Friday, November 5, 2010

Day care

Ever since I found out I was pregnant, the thought of sending my child off full-time as a baby has just tied my stomach in knots. I never had to send Vinny off anywhere full-time until he was 18 months. I have always been a working mom, but I just got lucky. Now, I have a great career that I love and feel is my life calling, and incidentally, absolutely need to keep being able to pay for our house, so Tiana will definitely need to be somewhere during the day.

I didn't know what to do. Ideally, a well-qualified loving nanny to spend all day with her would be great, but I will never be able to afford that. A licensed day care center with a quality infant program seems like the next best option, but I hadn't found one I liked. They are so scheduled and so sterile.

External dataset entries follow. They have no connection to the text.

(* Let $M$ be an $n\times n$ complex Hadamard matrix, let $\Gamma$ be the group of all $n\times n$ complex monomial matrices $P$ with $PMP^\ast=M$, let $\pi\colon\Gamma\to\mathrm{Sym}_n$ send a monomial matrix to its underlying permutation, let $G=\pi(\Gamma)$, assume $G$ is transitive, and let $\Gamma_{\rm f}=\{L\in\Gamma:\det(L)=1\}$. Suppose that $G$ and $\Gamma_{\rm f}$ are perfect. Let $\hat{G}$ be a Schur cover of $G$, let $H\leq G$ be a point stabiliser, and let $\hat{H}\leq\hat{G}$ be the full preimage of $H$ under the projection $\hat{G}\to G$. Then $\Gamma_{\rm f}=\rho(\hat{G})$ for some representation $\rho$ of $\hat{G}$ induced from a linear character of $\hat{H}$. *)

From HB Require Import structures.
From mathcomp Require Import all_boot all_order all_algebra all_fingroup all_solvable all_field all_character.
Set Implicit Arguments. Unset Strict Implicit. Unset Printing Implicit Defensive.
Import GroupScope GRing.Theory Num.Theory.
Local Open Scope ring_scope.

Definition ctrmx n (M : 'M[algC]_n) : 'M[algC]_n := (map_mx Num.conj M)^T.

Definition complex_hadamard n (M : 'M[algC]_n) : Prop :=
  (forall i j, `|M i j| = 1) /\ M *m ctrmx M = n%:R%:M.

Definition monomial n (P : 'M[algC]_n) : bool :=
  [forall i, #|[pred j | P i j != 0]| == 1%N] &&
  [forall j, #|[pred i | P i j != 0]| == 1%N].

Definition Gamma n (M : 'M[algC]_n) (P : 'M[algC]_n) : Prop :=
  monomial P /\ P *m M *m ctrmx P = M.

Definition Gamma_f n (M : 'M[algC]_n) (L : 'M[algC]_n) : Prop :=
  Gamma M L /\ \det L = 1.

(* the underlying permutation of a monomial matrix P is s, i.e. the nonzero
   entry of row i lies in column s i (row-vector convention, so that
   P |-> its permutation is a homomorphism for mathcomp's perm product) *)
Definition underlying_perm n (P : 'M[algC]_n) (s : {perm 'I_n}) : Prop :=
  forall i, P i (s i) != 0.

Definition mxcomm n (A B : 'M[algC]_n) : 'M[algC]_n :=
  invmx A *m invmx B *m A *m B.

(* a (finite) group S of matrices is perfect: it equals its derived subgroup,
   i.e. every element is a finite product of commutators of elements of S
   (the subgroup generated by commutators consists of such products, as the
   inverse of a commutator is a commutator) *)
Definition perfect_mx n (S : 'M[algC]_n -> Prop) : Prop :=
  forall L, S L -> exists s : seq ('M[algC]_n * 'M[algC]_n),
    (forall p, p \in s -> S p.1 /\ S p.2) /\
    L = foldr (fun p acc => mxcomm p.1 p.2 *m acc) 1%:M s.

Definition perfect_group (gT : finGroupType) (G : {set gT}) : Prop :=
  (G^`(1))%g = G.

Definition stem_extension (gT rT : finGroupType) (Gh : {group gT})
    (phi : {morphism Gh >-> rT}) (G : {set rT}) : Prop :=
  (phi @* Gh)%g = G /\ ('ker phi \subset 'Z(Gh) :&: Gh^`(1))%g.

Definition schur_cover (gT rT : finGroupType) (Gh : {group gT})
    (phi : {morphism Gh >-> rT}) (G : {set rT}) : Prop :=
  stem_extension phi G /\
  forall (kT : finGroupType) (K : {group kT}) (psi : {morphism K >-> rT}),
    stem_extension psi G -> (#|K| <= #|Gh|)%N.

Definition left_transversal (gT : finGroupType) n (Gh Hh : {set gT})
    (t : 'I_n -> gT) : Prop :=
  (forall i, t i \in Gh) /\
  (forall i j, ((t i)^-1 * t j)%g \in Hh -> i = j) /\
  (forall g, g \in Gh -> exists i, ((t i)^-1 * g)%g \in Hh).

(* the matrix of the representation induced from the class function lam
   of Hh (zero outside Hh), with respect to the transversal t *)
Definition induced_mx (gT : finGroupType) n (Hh : {group gT})
    (lam : 'CF(Hh)) (t : 'I_n -> gT) (g : gT) : 'M[algC]_n :=
  \matrix_(i, j) lam ((t i)^-1 * g * t j)%g.

Definition induced_from_linear_char (gT : finGroupType) n (Gh Hh : {group gT})
    (rho : mx_representation algC Gh n) : Prop :=
  exists (lam : 'CF(Hh)) (t : 'I_n -> gT) (A : 'M[algC]_n),
    lam \is a linear_char /\ left_transversal Gh Hh t /\ A \in unitmx /\
    forall g, g \in Gh -> rho g = invmx A *m induced_mx lam t g *m A.

(* Two elements of Gamma with the same underlying permutation differ by a
   scalar, so Gamma_f is finite (the scalars are n-th roots of unity) and its
   right regular action turns it into a permutation group S.  Sending a matrix
   to its permutation maps S onto G (rescale by an n-th root of the
   determinant) with scalar, hence central, kernel.  The pullback E of the
   Schur cover Gh -> G along S -> G is then a central extension of the perfect
   group G, so E' is a stem extension of G; maximality of the Schur cover makes
   the projection E' -> Gh an isomorphism, whence a morphism rho : Gh -> S over
   G, onto because S is perfect.  Finally, a representation by monomial
   matrices with transitive permutation action is conjugate, by the diagonal
   matrix read off a transversal of the point stabiliser, to the
   representation induced from the linear character h |-> rho(h)_xx. *)

From HB Require Import structures.
From mathcomp Require Import all_boot all_order all_algebra all_fingroup all_solvable all_field all_character.
From mathcomp Require Import ring.
From Stdlib Require Import Classical_Prop.
Import GroupScope GRing.Theory Num.Theory.
Set Implicit Arguments. Unset Strict Implicit. Unset Printing Implicit Defensive.

Section CentralExtension.

Variables (gT rT : finGroupType).
Implicit Types (E K : {group gT}) (G : {group rT}).

Lemma perfect_der1_central_mul E K :
  K \subset 'Z(E) -> E \subset K * E^`(1) -> perfect_group E^`(1).
Proof.
move=> sKZ sEKE'; have cKE : K \subset 'C(E) := subset_trans sKZ (subsetIr _ _).
have cE'K : E^`(1) \subset 'C(K) by rewrite centsC (subset_trans cKE) ?centS ?der_sub.
have defE : K \* E^`(1) = E.
  rewrite cprodE //; apply/eqP; rewrite eqEsubset sEKE' mul_subG ?der_sub //.
  exact: subset_trans sKZ (subsetIl _ _).
have /derG1P K'1 : abelian K by apply: abelianS sKZ (center_abelian E).
by rewrite /perfect_group -[RHS](der_cprod 1 defE) K'1 cprod1g.
Qed.

Lemma perfect_stem_extension (Gh : {group gT}) (phi : {morphism Gh >-> rT}) G :
  stem_extension phi G -> perfect_group G -> perfect_group Gh.
Proof.
case=> imGh /subsetIP[_ sKGh'] perfG; apply/eqP; rewrite eqEsubset der_sub /=.
have : Gh \subset phi @*^-1 (phi @* Gh^`(1)).
  by rewrite morphim_der // imGh perfG -imGh -sub_morphim_pre.
by rewrite morphimK ?der_sub // => /subset_trans-> //; rewrite mul_subG.
Qed.

Lemma central_extension_der_stem E (psi : {morphism E >-> rT}) G :
  psi @* E = G -> perfect_group G -> 'ker psi \subset 'Z(E) ->
  stem_extension (restrm (der_sub 1 E) psi) G.
Proof.
move=> imE perfG sKZ.
have imE' : psi @* E^`(1) = G by rewrite morphim_der // imE perfG.
have perfE' : perfect_group E^`(1).
  apply: perfect_der1_central_mul sKZ _.
  by rewrite -morphimK ?der_sub // imE' -imE -sub_morphim_pre.
split; first by rewrite morphim_restrm setIid.
rewrite ker_restrm perfE' subsetI subsetIl andbT /center setIS //.
by rewrite (subset_trans sKZ) // (subset_trans (subsetIr _ _)) // centS ?der_sub.
Qed.

End CentralExtension.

Today I checked out the local Montessori school where there is an infant program. I think it is perfect. Well...the next best thing to her getting to be at home. It is a very cozy atmosphere. Each baby has their own crib and even their own baby swing. There are high chairs and exersaucers to be shared. In the 30 minutes I was there, I saw lots of individual attention. Babies being fed individually, babies napping when they felt like it, getting changed because they needed to be, etc. They have great tummy time mats and each baby has his/her own comfy blanket from home to lay on. When they start attempting to walk and pulling up on stuff, they go up to the toddler side where there are lots of push toys and good stuff.

I felt very comfortable with all the workers too. I really felt like I instantly connected to the owner.  She's this beautiful young Indian woman, and most of the other employees are Indian too, but they don't have an accent at all. I am not saying this to be racist, but because it is important to me that they speak very clear English, since my daughter will be in her most formational stages of learning the language and that it is easy for me to understand my child's teacher if she is trying to tell me something. At one of the schools where Vinny went before, I had a hard time understanding his teacher and barely ever knew what she was trying to tell me.

Best of all, it is several hundred dollars cheaper than I thought I was going to need to pay for quality child care.

They are even willing to use the cloth diapers. Smile. Everything is going to work out okay.